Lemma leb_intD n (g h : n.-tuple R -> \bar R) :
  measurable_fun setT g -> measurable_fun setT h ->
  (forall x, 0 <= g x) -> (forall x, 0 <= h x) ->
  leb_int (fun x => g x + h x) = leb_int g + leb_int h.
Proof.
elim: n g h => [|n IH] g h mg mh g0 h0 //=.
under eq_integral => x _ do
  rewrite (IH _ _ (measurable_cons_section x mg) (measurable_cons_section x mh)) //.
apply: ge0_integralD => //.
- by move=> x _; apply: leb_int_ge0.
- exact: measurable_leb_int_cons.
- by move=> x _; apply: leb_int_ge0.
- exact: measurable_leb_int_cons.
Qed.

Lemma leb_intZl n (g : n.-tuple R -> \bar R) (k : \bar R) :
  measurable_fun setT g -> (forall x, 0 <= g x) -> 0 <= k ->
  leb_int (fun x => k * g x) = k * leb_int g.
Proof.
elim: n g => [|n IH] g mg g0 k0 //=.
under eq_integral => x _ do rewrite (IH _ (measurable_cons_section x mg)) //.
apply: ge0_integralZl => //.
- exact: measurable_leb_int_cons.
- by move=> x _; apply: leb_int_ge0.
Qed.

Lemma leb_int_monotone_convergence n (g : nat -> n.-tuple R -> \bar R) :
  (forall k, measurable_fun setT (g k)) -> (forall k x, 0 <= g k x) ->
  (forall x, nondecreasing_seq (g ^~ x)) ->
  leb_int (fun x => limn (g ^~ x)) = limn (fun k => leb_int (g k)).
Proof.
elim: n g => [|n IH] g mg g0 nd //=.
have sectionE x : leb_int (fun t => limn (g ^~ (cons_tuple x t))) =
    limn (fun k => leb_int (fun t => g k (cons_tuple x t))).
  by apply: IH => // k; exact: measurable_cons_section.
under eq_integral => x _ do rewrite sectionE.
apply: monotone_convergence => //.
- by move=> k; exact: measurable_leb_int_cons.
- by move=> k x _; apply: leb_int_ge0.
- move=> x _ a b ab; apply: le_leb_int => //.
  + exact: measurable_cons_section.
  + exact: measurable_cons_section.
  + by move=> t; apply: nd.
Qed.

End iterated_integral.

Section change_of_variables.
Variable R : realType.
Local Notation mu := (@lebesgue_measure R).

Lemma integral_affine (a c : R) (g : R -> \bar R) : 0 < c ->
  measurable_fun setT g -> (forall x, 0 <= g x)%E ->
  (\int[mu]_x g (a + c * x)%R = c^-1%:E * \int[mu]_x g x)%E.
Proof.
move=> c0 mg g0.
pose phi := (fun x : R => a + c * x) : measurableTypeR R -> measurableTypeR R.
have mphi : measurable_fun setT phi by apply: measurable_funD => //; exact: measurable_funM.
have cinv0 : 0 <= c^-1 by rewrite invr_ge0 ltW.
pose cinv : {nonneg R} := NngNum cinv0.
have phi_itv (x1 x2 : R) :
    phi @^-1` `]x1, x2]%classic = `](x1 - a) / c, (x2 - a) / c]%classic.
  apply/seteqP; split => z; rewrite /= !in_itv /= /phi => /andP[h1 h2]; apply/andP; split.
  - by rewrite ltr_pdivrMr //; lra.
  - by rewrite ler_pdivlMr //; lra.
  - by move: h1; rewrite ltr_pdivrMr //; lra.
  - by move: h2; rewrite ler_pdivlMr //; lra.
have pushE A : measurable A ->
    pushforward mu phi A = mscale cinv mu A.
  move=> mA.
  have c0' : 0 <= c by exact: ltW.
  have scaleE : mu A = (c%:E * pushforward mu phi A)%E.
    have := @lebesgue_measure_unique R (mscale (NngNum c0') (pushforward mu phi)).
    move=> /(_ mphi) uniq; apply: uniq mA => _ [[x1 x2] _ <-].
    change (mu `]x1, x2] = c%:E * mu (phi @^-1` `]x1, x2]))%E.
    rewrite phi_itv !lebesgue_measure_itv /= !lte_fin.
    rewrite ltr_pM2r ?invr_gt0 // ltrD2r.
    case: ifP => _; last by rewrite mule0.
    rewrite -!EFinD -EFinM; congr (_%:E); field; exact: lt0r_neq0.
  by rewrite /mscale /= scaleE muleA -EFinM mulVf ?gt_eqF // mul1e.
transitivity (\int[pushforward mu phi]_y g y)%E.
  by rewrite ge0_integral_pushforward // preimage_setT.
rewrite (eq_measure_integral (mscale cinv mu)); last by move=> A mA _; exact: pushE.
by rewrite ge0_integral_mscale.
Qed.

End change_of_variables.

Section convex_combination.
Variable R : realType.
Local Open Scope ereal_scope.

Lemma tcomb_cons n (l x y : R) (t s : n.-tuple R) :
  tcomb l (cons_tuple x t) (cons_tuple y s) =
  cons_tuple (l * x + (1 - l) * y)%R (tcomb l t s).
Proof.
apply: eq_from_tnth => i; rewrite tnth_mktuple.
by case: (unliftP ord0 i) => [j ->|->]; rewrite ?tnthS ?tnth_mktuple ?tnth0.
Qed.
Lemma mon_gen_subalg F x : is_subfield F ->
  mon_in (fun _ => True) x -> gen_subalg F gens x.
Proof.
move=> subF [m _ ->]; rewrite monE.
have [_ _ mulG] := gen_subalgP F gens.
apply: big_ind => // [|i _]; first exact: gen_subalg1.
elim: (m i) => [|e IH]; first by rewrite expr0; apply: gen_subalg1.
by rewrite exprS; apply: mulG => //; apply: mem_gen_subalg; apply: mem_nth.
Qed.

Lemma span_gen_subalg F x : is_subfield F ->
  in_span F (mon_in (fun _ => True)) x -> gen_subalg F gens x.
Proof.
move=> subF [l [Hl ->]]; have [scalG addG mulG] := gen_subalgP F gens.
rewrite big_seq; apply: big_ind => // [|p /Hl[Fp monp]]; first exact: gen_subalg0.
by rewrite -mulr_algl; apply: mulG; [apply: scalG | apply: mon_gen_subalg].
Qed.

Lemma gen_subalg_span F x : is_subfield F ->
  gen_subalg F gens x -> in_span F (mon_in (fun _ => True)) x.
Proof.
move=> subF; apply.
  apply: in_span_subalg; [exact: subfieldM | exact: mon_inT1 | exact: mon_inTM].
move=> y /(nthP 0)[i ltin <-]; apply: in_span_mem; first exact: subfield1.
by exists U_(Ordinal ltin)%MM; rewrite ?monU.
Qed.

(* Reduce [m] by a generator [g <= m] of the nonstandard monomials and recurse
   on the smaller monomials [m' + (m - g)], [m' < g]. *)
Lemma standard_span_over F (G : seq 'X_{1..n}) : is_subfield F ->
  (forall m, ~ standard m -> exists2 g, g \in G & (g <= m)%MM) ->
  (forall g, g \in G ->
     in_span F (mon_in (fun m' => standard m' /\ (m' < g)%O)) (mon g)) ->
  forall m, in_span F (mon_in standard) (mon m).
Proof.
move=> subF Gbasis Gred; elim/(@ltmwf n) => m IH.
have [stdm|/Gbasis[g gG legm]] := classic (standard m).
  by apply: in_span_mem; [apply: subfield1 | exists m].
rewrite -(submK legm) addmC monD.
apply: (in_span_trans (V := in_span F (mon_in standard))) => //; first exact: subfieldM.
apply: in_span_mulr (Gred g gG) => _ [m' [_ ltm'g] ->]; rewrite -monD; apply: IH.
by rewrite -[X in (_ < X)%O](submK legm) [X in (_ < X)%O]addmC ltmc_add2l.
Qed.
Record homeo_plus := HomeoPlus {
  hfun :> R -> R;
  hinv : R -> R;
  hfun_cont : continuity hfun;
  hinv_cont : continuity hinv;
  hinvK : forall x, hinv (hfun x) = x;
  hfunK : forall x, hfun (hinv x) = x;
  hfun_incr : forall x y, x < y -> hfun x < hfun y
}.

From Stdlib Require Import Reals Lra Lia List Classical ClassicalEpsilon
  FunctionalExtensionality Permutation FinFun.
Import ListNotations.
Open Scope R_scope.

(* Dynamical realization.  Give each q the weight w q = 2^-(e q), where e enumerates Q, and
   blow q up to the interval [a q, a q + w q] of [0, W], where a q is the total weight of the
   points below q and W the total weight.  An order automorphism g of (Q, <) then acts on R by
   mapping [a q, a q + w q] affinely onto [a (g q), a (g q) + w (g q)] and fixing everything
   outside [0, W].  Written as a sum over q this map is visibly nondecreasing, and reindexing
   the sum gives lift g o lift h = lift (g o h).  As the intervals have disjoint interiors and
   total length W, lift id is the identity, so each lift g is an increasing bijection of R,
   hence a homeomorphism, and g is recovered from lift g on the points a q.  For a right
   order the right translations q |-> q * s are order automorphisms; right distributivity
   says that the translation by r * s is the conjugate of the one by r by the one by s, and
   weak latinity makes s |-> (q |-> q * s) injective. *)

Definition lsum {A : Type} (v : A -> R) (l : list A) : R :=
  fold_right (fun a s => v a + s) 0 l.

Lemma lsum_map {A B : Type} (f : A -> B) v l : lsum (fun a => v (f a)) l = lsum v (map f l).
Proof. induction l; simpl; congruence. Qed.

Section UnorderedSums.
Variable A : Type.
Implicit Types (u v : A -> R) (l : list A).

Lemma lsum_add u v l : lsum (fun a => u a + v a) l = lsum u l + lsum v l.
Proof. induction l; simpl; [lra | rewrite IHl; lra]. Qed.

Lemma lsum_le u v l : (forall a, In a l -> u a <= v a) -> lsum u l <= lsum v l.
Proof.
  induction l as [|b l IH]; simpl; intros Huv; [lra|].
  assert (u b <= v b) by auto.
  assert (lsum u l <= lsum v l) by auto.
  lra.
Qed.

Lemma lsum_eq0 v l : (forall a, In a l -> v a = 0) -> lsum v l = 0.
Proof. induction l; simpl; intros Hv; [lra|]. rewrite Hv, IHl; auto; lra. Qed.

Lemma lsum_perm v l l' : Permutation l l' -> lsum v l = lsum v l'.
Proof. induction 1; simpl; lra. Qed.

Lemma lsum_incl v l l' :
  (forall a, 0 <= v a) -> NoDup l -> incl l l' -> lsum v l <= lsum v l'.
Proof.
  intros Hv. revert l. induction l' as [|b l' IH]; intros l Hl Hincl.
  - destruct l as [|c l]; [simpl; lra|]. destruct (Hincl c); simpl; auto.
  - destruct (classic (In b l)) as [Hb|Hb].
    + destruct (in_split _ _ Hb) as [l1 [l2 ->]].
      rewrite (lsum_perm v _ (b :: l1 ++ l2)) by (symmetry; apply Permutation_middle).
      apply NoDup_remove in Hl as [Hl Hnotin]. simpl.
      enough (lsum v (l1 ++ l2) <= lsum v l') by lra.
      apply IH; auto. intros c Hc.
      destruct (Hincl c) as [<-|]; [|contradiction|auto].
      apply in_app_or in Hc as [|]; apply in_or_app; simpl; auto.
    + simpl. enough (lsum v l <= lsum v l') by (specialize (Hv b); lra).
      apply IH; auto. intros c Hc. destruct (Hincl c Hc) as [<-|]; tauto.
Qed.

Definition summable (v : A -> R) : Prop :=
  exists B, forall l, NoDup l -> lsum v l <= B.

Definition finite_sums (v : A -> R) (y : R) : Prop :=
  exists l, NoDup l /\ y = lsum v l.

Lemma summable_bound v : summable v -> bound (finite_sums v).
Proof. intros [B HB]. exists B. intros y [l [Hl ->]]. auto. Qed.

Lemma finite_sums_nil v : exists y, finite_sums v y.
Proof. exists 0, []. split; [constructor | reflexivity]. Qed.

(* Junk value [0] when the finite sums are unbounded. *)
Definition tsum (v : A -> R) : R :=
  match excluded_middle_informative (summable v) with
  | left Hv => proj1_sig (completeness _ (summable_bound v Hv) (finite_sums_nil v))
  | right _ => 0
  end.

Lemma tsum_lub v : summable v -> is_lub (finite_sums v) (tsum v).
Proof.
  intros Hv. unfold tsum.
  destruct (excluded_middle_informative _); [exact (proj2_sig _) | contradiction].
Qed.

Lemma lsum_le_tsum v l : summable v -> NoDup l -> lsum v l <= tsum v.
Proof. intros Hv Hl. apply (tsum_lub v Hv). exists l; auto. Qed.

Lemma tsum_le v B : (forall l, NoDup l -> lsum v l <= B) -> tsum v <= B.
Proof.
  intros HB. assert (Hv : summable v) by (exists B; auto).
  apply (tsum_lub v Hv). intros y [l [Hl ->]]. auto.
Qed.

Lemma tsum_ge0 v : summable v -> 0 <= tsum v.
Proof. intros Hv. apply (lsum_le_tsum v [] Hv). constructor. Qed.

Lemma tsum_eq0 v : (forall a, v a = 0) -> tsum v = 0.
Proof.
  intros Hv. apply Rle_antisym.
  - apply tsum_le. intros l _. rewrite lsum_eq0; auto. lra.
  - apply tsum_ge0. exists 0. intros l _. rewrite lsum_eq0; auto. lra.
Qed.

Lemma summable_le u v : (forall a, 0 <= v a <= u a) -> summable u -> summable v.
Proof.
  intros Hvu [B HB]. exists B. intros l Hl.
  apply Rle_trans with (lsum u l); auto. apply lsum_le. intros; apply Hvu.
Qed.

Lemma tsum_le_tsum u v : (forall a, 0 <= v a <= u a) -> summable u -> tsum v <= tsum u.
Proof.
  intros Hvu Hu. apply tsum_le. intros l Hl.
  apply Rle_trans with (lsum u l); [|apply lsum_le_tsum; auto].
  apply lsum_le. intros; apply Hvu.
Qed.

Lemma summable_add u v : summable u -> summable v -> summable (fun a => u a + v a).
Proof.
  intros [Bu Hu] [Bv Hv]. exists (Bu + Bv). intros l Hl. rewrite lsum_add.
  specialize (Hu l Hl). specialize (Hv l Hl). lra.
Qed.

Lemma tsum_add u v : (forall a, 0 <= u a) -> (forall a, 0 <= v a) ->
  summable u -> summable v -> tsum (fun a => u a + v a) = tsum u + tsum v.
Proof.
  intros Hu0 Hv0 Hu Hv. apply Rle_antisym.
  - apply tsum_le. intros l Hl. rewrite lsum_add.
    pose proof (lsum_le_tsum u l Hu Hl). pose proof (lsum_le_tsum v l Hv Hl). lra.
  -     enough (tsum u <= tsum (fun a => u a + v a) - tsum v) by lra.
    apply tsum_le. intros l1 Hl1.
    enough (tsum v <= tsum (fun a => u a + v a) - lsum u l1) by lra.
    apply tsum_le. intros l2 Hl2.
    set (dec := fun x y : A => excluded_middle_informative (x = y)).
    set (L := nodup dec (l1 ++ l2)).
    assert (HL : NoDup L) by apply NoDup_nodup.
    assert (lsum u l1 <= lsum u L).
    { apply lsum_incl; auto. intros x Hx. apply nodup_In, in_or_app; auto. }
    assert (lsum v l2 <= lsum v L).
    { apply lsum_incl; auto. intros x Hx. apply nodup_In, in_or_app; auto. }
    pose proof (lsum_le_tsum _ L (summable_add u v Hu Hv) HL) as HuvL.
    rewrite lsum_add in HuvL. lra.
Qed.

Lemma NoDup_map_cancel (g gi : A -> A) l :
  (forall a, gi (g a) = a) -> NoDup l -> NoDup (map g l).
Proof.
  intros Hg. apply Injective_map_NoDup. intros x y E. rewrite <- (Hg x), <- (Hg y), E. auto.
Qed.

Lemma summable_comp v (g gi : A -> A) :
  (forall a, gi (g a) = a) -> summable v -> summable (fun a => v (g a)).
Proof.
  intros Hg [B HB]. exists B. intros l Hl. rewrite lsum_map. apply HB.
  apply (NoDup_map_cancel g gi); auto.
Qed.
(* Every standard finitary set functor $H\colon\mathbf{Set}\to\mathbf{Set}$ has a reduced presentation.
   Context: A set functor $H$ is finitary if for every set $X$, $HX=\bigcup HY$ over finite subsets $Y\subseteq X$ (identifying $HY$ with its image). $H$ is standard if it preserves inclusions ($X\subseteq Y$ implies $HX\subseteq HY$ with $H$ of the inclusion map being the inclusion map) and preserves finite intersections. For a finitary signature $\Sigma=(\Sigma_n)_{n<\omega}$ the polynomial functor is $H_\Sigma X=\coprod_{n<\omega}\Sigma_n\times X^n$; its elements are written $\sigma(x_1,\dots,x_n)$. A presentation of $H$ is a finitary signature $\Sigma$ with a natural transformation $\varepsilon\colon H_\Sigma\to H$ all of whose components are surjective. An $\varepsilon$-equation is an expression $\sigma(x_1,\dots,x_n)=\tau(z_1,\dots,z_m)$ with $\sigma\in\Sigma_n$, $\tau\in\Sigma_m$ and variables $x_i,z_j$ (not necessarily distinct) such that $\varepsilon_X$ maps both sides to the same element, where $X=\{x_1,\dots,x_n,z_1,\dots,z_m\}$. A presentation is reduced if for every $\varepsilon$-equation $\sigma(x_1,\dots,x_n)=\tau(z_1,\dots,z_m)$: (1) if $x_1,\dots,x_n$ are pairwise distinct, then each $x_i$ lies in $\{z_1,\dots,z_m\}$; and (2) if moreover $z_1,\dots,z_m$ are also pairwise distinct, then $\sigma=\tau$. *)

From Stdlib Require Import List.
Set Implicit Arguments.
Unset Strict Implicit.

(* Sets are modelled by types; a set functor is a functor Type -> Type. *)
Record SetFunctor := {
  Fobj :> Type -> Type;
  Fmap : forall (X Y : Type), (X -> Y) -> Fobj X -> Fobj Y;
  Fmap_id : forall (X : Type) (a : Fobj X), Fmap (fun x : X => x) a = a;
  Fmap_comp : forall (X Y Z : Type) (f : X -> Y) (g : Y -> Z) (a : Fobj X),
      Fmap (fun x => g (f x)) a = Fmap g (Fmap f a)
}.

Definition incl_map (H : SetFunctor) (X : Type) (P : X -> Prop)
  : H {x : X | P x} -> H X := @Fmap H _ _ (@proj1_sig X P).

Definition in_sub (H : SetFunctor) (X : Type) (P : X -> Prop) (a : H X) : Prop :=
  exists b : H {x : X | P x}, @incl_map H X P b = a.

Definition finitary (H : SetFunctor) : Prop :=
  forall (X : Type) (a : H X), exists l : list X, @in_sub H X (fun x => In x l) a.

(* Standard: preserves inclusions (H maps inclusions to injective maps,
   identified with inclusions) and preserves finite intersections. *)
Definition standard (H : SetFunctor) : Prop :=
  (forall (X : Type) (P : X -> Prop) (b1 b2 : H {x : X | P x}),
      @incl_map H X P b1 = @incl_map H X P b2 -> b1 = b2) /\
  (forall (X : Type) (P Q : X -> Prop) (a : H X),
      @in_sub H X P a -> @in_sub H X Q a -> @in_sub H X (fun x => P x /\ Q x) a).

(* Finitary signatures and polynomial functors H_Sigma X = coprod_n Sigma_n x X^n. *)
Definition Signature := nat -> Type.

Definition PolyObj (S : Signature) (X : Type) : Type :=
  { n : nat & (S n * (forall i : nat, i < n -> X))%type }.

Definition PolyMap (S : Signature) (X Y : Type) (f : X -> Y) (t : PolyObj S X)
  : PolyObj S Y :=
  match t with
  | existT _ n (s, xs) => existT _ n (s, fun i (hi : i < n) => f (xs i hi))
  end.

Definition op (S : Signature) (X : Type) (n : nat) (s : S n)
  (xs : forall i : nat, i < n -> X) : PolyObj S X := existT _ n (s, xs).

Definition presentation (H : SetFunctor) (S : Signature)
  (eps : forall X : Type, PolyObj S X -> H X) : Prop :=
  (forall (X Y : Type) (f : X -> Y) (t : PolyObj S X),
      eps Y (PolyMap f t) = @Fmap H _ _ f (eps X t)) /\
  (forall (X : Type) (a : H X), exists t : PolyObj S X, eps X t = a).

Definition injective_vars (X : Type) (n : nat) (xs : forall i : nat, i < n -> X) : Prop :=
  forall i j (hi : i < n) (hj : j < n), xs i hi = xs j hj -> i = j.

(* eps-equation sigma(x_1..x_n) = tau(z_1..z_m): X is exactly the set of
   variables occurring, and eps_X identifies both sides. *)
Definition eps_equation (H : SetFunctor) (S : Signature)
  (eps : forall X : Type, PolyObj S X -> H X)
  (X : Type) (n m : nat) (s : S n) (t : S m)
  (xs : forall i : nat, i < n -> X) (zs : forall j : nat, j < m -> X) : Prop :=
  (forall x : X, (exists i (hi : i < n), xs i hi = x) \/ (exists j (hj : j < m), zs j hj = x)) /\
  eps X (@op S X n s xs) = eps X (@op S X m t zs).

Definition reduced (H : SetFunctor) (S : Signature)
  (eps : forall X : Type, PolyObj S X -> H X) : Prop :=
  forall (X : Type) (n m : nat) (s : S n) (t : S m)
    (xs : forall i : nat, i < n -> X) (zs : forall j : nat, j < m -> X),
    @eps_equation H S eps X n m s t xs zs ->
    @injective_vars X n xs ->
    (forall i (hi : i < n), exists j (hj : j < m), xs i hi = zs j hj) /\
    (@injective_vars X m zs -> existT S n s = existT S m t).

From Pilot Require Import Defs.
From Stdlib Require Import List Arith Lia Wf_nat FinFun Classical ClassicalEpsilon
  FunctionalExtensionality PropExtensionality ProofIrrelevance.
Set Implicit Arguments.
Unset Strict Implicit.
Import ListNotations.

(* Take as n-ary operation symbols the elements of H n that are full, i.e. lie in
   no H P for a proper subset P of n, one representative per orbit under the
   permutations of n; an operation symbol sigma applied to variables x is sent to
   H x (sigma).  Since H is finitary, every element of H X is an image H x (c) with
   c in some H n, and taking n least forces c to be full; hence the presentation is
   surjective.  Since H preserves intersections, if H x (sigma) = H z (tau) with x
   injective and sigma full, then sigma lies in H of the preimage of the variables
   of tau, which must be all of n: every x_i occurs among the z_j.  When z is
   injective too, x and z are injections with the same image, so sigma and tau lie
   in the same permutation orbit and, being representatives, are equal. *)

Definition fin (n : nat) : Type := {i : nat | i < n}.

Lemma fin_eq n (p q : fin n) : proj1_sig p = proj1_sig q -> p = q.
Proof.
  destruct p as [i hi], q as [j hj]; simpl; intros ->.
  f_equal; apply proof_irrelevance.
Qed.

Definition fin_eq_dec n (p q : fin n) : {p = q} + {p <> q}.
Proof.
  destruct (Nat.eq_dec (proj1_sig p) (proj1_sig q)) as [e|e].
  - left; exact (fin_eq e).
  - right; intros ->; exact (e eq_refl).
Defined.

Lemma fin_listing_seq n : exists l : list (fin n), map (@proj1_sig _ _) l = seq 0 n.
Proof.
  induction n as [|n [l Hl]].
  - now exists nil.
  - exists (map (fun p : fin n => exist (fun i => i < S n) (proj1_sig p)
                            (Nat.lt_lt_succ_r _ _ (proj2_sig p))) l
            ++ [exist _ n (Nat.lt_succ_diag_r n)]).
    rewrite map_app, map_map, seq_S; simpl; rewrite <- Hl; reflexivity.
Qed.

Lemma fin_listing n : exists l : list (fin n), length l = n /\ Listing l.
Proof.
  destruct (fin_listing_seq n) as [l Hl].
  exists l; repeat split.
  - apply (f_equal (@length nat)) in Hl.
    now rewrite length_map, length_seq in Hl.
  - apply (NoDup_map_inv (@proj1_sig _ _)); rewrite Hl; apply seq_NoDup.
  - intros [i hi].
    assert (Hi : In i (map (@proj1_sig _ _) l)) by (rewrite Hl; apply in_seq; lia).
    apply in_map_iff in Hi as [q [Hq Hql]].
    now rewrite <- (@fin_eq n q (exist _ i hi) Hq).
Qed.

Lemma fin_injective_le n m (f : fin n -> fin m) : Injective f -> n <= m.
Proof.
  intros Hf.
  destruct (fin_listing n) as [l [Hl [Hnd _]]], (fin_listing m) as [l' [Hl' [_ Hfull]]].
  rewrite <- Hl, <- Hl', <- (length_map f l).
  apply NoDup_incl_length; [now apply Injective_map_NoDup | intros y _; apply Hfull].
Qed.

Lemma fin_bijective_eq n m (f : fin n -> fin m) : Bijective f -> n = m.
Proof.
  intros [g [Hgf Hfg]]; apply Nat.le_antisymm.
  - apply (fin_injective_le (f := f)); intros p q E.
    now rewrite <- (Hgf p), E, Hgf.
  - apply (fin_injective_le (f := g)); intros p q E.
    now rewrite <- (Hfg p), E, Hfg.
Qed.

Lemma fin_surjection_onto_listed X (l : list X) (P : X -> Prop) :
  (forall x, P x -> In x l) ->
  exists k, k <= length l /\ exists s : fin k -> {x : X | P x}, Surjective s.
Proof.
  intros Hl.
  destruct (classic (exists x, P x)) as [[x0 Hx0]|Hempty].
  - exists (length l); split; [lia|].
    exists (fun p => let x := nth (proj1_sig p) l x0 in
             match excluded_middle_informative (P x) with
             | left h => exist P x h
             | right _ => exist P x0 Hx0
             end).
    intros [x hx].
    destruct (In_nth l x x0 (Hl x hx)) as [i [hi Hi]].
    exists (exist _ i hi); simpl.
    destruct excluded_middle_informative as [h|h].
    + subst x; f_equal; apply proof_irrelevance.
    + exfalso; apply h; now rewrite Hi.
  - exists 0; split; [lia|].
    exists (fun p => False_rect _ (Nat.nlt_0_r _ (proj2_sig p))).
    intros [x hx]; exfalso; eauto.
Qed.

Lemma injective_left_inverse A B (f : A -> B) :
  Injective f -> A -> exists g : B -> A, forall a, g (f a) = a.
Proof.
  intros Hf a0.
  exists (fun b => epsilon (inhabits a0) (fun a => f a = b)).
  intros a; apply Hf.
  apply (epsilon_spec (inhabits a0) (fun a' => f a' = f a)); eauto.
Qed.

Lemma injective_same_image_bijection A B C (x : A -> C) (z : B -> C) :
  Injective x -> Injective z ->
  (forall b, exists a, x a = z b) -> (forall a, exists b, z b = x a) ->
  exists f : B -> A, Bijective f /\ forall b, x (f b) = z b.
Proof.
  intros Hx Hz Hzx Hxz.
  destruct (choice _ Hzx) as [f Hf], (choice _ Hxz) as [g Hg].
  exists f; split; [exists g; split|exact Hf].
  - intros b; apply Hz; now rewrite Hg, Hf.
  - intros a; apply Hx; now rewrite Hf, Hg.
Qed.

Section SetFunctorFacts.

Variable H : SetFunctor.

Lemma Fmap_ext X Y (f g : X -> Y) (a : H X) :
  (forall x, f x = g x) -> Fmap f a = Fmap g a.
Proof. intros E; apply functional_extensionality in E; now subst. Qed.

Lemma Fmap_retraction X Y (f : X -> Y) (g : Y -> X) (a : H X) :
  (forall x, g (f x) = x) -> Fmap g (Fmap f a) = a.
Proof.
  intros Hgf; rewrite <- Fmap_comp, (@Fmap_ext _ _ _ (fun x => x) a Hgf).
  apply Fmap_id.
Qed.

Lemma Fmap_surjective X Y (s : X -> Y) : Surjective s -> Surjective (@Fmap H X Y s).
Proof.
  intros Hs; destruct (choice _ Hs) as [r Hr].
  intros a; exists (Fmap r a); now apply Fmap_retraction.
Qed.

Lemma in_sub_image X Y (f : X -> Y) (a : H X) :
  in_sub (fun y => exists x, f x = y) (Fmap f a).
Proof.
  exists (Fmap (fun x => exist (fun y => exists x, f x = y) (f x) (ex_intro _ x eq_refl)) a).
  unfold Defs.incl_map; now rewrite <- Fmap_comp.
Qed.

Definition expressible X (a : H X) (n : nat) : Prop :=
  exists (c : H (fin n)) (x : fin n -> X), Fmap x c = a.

_ _ _ _

WORK ITEM: From the material above, copy exactly the lines between the line holding "Proof. intros Hv Hl." and the line holding "Proof. intros Hv.", inclusive, and only those.

SOLVED PROBLEM:
Proof. intros Hv Hl. apply (tsum_lub v Hv). exists l; auto. Qed.

Lemma tsum_le v B : (forall l, NoDup l -> lsum v l <= B) -> tsum v <= B.
Proof.
  intros HB. assert (Hv : summable v) by (exists B; auto).
  apply (tsum_lub v Hv). intros y [l [Hl ->]]. auto.
Qed.

Lemma tsum_ge0 v : summable v -> 0 <= tsum v.
Proof. intros Hv. apply (lsum_le_tsum v [] Hv). constructor. Qed.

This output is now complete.